= The Indo-Israeli Agriculture Project =

Diplomatic relations between the Republic of India and the State of Israel

The Indo-Israeli Agriculture Project (IIAP) is a bilateral partnership established in 2006 between Israel and Indian governments. India has chosen Israel as a G2G level strategic partner in the field of agriculture. It was established in cooperation with National Horticulture Mission, National Horticulture Board and Indian States Horticulture Departments, and Israel's Agency for International Development (MASHAV) and CINADCO which provides developing countries with Israel's experience in development and planning.

The IIAP aims to establish Centers of Excellence (CoE) in Indian states to facilitate the rapid transfer of technology to farmers. This initiative aims to enhance productivity, improve produce quality, and maximize farmers' income by introducing crop diversity, enhancing productivity, refining cultivation techniques, optimizing irrigation and fertigation, and improving water use efficiency in horticulture. The Federal and state Indian stakeholders are leading the IIAP partnership by defining the key crops and sanctioning the activity. The Israeli stakeholder MASHAV, guides the standard of the CoE and transfers the knowledge into the IIAP. The concept of the centres is triangular: Applied Research, SMS (subject matter specialist) Field Extension Officer and the Progressive Farmer. CoE acts as a meeting point for academia, government and farmers to cooperate towards achievements.

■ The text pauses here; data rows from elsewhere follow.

Lemma sup_sqr_le (R : realType) (E : set R) (S : R) : 0 <= S ->
  (forall r, E r -> r ^+ 2 <= S) -> sup E ^+ 2 <= S.
Proof.
move=> S_ge0 ES; have [[r0 Er0]|/forallNP E0] := pselect (exists r, E r); last first.
  by rewrite (_ : E = set0) ?sup0 ?expr0n //; apply/seteqP; split => r // /E0.
have abs_le r : E r -> `|r| <= Num.sqrt S.
  by move=> Er; rewrite -sqrtr_sqr ler_sqrt // ES.
have ubE : ubound E (Num.sqrt S).
  by move=> r /abs_le; exact: le_trans (ler_norm r).
have sup_le : sup E <= Num.sqrt S by apply: ge_sup => //; exists r0.
have le_sup : r0 <= sup E by apply: ub_le_sup => //; exists (Num.sqrt S).
have r0_ge : - Num.sqrt S <= r0 by rewrite lerNl; have /ler_normlP[] := abs_le r0 Er0.
rewrite -(sqr_sqrtr S_ge0); have := sqrtr_ge0 S; nra.
Qed.

(* The main theorem. *)
Theorem mainTheorem3 (d : measure_display) (T : measurableType d) (R : realType)
    (P : probability T R) (N : nat) (X : 'I_N -> T -> R) (x : T -> R)
    (tau0 tau1 : R) (D : nat) :
  0 < tau0 -> tau0 <= tau1 -> tau1 < 1 ->
  (forall i, measurable_fun setT (X i)) ->
  {ae P, forall w, forall i, tau0 <= X i w <= tau1} ->
  (exists g : ('I_N -> R) -> R, x = (fun w => g (fun i => X i w))) ->
  measurable_fun setT x ->
  P.-integrable setT (fun w => ((x w) ^+ 2)%:E) ->
  Corr_le P X x D ^+ 2 <=
    \sum_(A : {set 'I_N} | (#|A| <= D)%N)
       kappa P X x A ^+ 2 / (tau0 * (1 - tau1)) ^+ #|A|.
Proof.
move=> tau0_gt0 _ tau1_lt1 mX X_range _ mx x_sqr_int.
have S_ge0 : 0 <= \sum_(A : {set 'I_N} | (#|A| <= D)%N)
                   kappa P X x A ^+ 2 / (tau0 * (1 - tau1)) ^+ #|A|.
  apply: sumr_ge0 => A _; rewrite divr_ge0 ?sqr_ge0 // exprn_ge0 // ltW //.
  by rewrite mulr_gt0 // subr_gt0.
apply: sup_sqr_le => // _ [f [f_deg _ ->]]; apply: ratio_sqr_le => //.
rewrite /jointE; under eq_Rintegral do under eq_bigr do rewrite evalY_multilin.
under [X in _ <= _ * X]eq_Rintegral do under eq_bigr do rewrite evalY_multilin.
by apply: low_degree_bound => // A; exact: multilin_coef_deg.
Qed.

In 2017, there were 26 such Indo-Israel centers in the country.

== Structure ==

IIAP cooperation is divided in multiple three-year work plans:

- The First Action plan (2008–10) - States of development included Haryana, Maharashtra.
- The Second Action plan (2012–15) - The state of Israel was requested to share best-practices and know-how and provide capacity building through training programs which were conducted in Israel and India. Implementing partners were NHM–The National Horticulture Mission under the Ministry of Agriculture of India and MASHAV. States of development included Haryana, Gujarat, Maharashtra, Punjab, Rajasthan, Karnataka, Bihar, Tamil Nadu, Telangana, Uttar Pradesh.
- The Third Action plan (2015–18) - a revised action plan and activities to be extended in additional states such as Mizoram, Andhra Pradesh, Haryana.
- The Fourth Action Plan (2018–20) - plan includes completing and establishing new Centres of Excellence.

The IIAP areas of activity are:

- Post-Harvest Management (fruit & vegetables)
- Irrigation and fertigation technologies
- Introduction of new varieties
- Plant protection (nematodes, bacteria)
- Pollination technologies
- Water management technologies for agriculture, including water re-use
- Other activities as mutually defined in the Steering Committee

== History ==
An Indo-Israel Work Plan was signed during the visit of Agriculture Minister Rajnath Singh to Israel in May 2006. Based on the field visits of Israeli experts and discussions, First Action Plan stage (2008-2010) was agreed upon during the visit of Minister of Agriculture, Government of Israel to India in January, 2008 wherein a number of areas were identified on which collaborative efforts could be implemented in the states of Maharashtra, Haryana and Rajasthan. The plan was later on extended to include the 2012- 2015 period and 2018–2020 period.

Chief Minister Conrad Sangma in 2020 had said "India's relation with Israel has been growing rapidly and steadily... In the future, we want to have direct flights to the Northeast as we want to expand the presence of Israel in the region", adding that "the partnership with the Israel government will be a "game-changer" for the state and its farmers"

== Further developments ==
IIAP was initiated in 2009 after signing a bilateral agreement between Indian and Israeli ministers of Agriculture (2006).

In 2017 Centre of Excellence for cut flowers as part of IIAP in Thally was established.

On 2 November 2020 Chief Minister of Assam state, Sarbananda Sonowal and Israeli Ambassador to India Dr. Ron Malka laid the foundation stone of Indo-Israeli Centre of Excellence (CoE) for Vegetables Protected Cultivation at Khetri on the outskirts of Guwahati.

In November 4, 2020, with aim to benefit Meghalaya farmers by equipping with technology to help increase their income, two centres are planned being built at Jongsha in East Khasi Hills and at Dawagre in East Garo Hills district.